Тропа вьется среди пихт, сосен и елей. Выходим на большую поляну. В центре ее стоит несколько огромных пихт. В стороне от них расположен имеретинский кош. На жердях ограды распластана бурка и подвешены сумка с припасами и ведра. С горы доносится свист: на скале неподвижно стоит пастух в широкополой войлочной шляпе и с длинной палкой в руках. Кругом, рассыпавшись в кустах, пасутся лошади.
За поляной начались лиственные леса. Под крутым берегом мчится Закан. Гремящий, пенный, он скачет с утесов по уступам, выбитым его стремительным падением. Он скрежещет и грохочет в каменном ложе, передвигая тяжелые круглые голыши. Быстрина во многих местах перегорожена наносами гальки, вырванными с корнем и добела обточенными водой деревьями. Упругая струя бьет через преграды взмыленными водопадами.

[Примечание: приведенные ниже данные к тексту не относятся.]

(* Let $k\ge2$ and let $n$ be a perfect square. Let $\{u,v\}$ be an edge of $G_k$ with $u,v\in H_2$. Then for any two $k$-cliques $K,K'$ of $G_k$ with $u\in K$ and $v\in K'$, we have $K\overset{*}{\leftrightarrow}K'$ in the subgraph of $G_k$ induced by $\mathcal{B}(\{u,v\},k-1)$; that is, there is a sequence of $k$-cliques $K=K_1,K_2,\dots,K_s=K'$, all contained in $\mathcal{B}(\{u,v\},k-1)$, such that $|K_i\cap K_{i+1}|\ge k-1$ for every $i\in[s-1]$.
   Context: $\mathcal{B}(U,T)$ is the set of nodes of $G_k$ at distance at most $T$ from $U$. Let $n$ be a perfect square. $G_2$ is the $(\sqrt n\times\sqrt n)$ simple grid (node set $\{(i,j):i,j\in[\sqrt n]\}$, $(i,j)\sim(i',j')$ iff $|i-i'|+|j-j'|=1$), and $H_2=V(G_2)$. For $k\ge2$, $G_{k+1}$ is obtained from $G_k$ by adding, for each node $u\in V(G_k)$, a new node $u^*$ (the duplicate of $u$) adjacent exactly to $u$ and to all neighbors of $u$ in $G_k$; $H_{k+1}$ is the set of these new nodes, so $V(G_k)=H_2\cup\dots\cup H_k$. *)

From mathcomp Require Import all_boot.
Set Implicit Arguments. Unset Strict Implicit. Unset Printing Implicit Defensive.

(* The grid has side m; n = m * m. A grid point is a pair of ordinals. *)
Definition gpt (m : nat) := ('I_m * 'I_m)%type.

Еще за два-три километра от Закана появляются сплошные фруктовые сады. Они сопровождают нас до самого кордона. На ветках — золотое изобилие груш, кислицы и алычи. Плоды алычи исключительно разнообразны по цвету: от янтарно-желтого до несколько ослабленной буроватым оттенком синевы садовой сливы, и по вкусу: от нестерпимо кислого, сводящего рот оскоминой, и до более сладкого, чем у культурного плода. Не грех бы нашим ученым-садоводам забраться сюда в период созревания плодов. Мне же эти сады еще и еще раз говорят о человеке, который, быть может, сотни лет, тому назад умными своими руками взращивал и лелеял одичавшие теперь деревья.